Presumably they have exactly the same number plate reading technology that is in use in Victoria. They can very readily differentiate between vehicles that should be there, or those that are interlopers.
Can it? In an ideal world the system would be able to have filters set easily and provide different screens showing the results.
Meanwhile back in the grand bureaucracy of committee land - the reality is sadly often the reverse to common sense.
I know the NSW system used to be mostly turned off in patrol cars because it would sound alerts constantly no matter what street/road they drove down. Hopefully it has been improved in the last four years - but last time I asked the intelligence unit that was still the same.
It detects any outstanding issues such as unpaid parking/speeding fines, bail alerts, people of interest, stolen cars, registration lapsed etc etc.
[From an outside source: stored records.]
Lemma esum_supS_le (S : set (seq nat)) (m : seq nat -> nat) (f g : Seq -> R) (d : R) :
  (forall w x, S w -> Sigma I A x -> Birk f (m w) x <= Birk g (m w) x + d) ->
  (\esum_(w in S) expeR (supS I A f (m w) w) <=
     (expR d)%:E * \esum_(w in S) expeR (supS I A g (m w) w))%E.
Proof.
move=> fg; apply: le_trans (esum_scale_le _ _ _); last 2 first.
- exact: expR_ge0.
- by move=> w; exact: expeR_ge0.
by apply: le_esum => w Sw; apply: expeR_supS_le => x; exact: fg.
Qed.

Lemma asym_symmetric_perturb (G : Type) (mul : G -> G -> G) (one : G) (inv : G -> G)
    (psi : nat -> G) (phi1 phi2 : Seq -> R) (alpha a b : R) :
  0 <= a -> 0 <= b ->
  (forall m x, Sigma I A x -> `|Birk phi1 m x - Birk phi2 m x| <= m%:R * a + b) ->
  asym_symmetric I A mul one inv psi phi1 alpha ->
  asym_symmetric I A mul one inv psi phi2 (alpha * expR a).
Proof.
move=> a0 b0 phi12 [n0 [c [c_gt0 [c_cvg [N [N_o sym1]]]]]].
pose d (m : nat) := m%:R * a + b.
have [le21 le12] : (forall m x, Sigma I A x -> Birk phi2 m x <= Birk phi1 m x + d m) /\
                   (forall m x, Sigma I A x -> Birk phi1 m x <= Birk phi2 m x + d m).
  by split=> m x Sx; have := phi12 m x Sx; rewrite ler_norml /d => /andP[]; lra.
exists n0, (fun n => c n * expR (d n + d (n + N n)%N)); split.
  by move=> n; rewrite mulr_gt0 ?expR_gt0.
split.
  have -> : (fun n : nat => (c n * expR (d n + d (n + N n)%N)) `^ ((2 * n)%:R^-1)) =
      (fun n : nat => c n `^ ((2 * n)%:R^-1) *
        expR ((d n + d (n + N n)%N) / (2 * n)%:R)).
    by apply: funext => n; rewrite powRM ?expR_ge0 ?(ltW (c_gt0 n)) // -expRM.
  apply: cvgM c_cvg _; apply: continuous_cvg; first exact: continuous_expR.
  exact: cvg_affine_mean.
exists N; split=> // g n n0n.
have sym2 := esum_supS_le (S := [set w : seq nat | admissible I A w /\ (1 <= size w)%N /\
    Psi_word mul one psi w = inv g /\ (n - N n <= size w)%N /\ (size w <= n + N n)%N])
  (m := size) (f := phi1) (g := phi2) (d := d (n + N n)%N).
apply: le_trans (esum_supS_le (m := fun=> n) (d := d n) _) _.
  by move=> w x _; exact: le21.
apply: le_trans (lee_wpmul2l _ (le_trans (sym1 g n n0n) (lee_wpmul2l _ (sym2 _)))) _.
- by rewrite lee_fin expR_ge0.
- by rewrite lee_fin ltW.
- move=> w x [_ [_ [_ [_ hw]]]] Sx; apply: le_trans (le12 _ _ Sx) _.
  by rewrite lerD2l /d lerD2r ler_wpM2r // ler_nat.
by rewrite (expRD (d n)) !EFinM muleCA !muleA; exact: lexx.
Qed.

End SymmetryTransfer.

Lemma powR_expR_var_bound {R : realType} (D : nat -> R) (N : nat) : (0 < N)%N ->
  expR (2 * var_bound D N) `^ ((2 * N)%:R^-1) = expR (var_bound D N / N%:R).
Proof.
by move=> N0; rewrite -expRM natrM; congr expR; field; rewrite pnatr_eq0 -lt0n.
Qed.

Lemma var_bound_cvg {R : realType} (D : nat -> R) :
  (fun n : nat => D n `^ (n%:R^-1)) @ \oo --> (1 : R) ->
  (fun n : nat => expR (var_bound D n / n%:R)) @ \oo --> (1 : R).
Proof.
move=> D_cvg.
have ln_cvg : (fun n : nat => ln (D n) / n%:R) @ \oo --> (0 : R).
  have -> : (fun n : nat => ln (D n) / n%:R) = (@ln R) \o (fun n : nat => D n `^ n%:R^-1).
    by apply: funext => n /=; rewrite ln_powR mulrC.
  by rewrite -ln1; apply: continuous_cvg D_cvg; exact: continuous_ln.
have -> : (fun n : nat => expR (var_bound D n / n%:R)) =
    (@expR R) \o (fun n : nat => (ln (D n) / n%:R + `|ln (D n) / n%:R|) / 2).
  apply: funext => n /=; rewrite /var_bound maxr_pMl ?invr_ge0 // mul0r maxr_absE.
  by rewrite sub0r normrN add0r.
have pos_cvg : (fun n : nat => (ln (D n) / n%:R + `|ln (D n) / n%:R|) / 2) @ \oo --> (0 : R).
  suff : (fun n : nat => (ln (D n) / n%:R + `|ln (D n) / n%:R|) / 2) @ \oo -->
         ((0 : R) + `|0 : R|) / 2 by rewrite normr0 addr0 mul0r.
  by apply: cvgMr_tmp; apply: cvgD ln_cvg (cvg_norm ln_cvg).
have := @continuous_cvg _ _ _ _ _ _ (@expR R) 0 (@continuous_expR R 0) pos_cvg.
by rewrite expR0; apply; exact: eventually_filter.
Qed.

Definition same_prefix (x : Seq) (k : nat) : set Seq :=
  [set y : Seq | forall i, (i < k)%N -> y i = x i].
But on addresses - unless you have a ring of steel then the cars can be going by in 2 or 3 lanes every fraction of a second. There is not enough time to read an address let alone be able to know where it is exactly.
For example, Highway Patrol cover more than a small local area. I admit, if I was in a Highway Patrol car on the other side of Sydney then I would not know maybe 70% of the address locations coming up on a screen as the cars pass by. Then add in reaction time.
The only way to accurately stop people leaving is to have a checkpoint. In regional NSW and other States because they don't have the police resources provided to them - many local Councils have dumped piles of earth/sand to block all but one or two inter-state access roads. Thanks to too many 4wds - one Council was reported recently spending a few thousand to get rocks trucked in to make it harder to force through.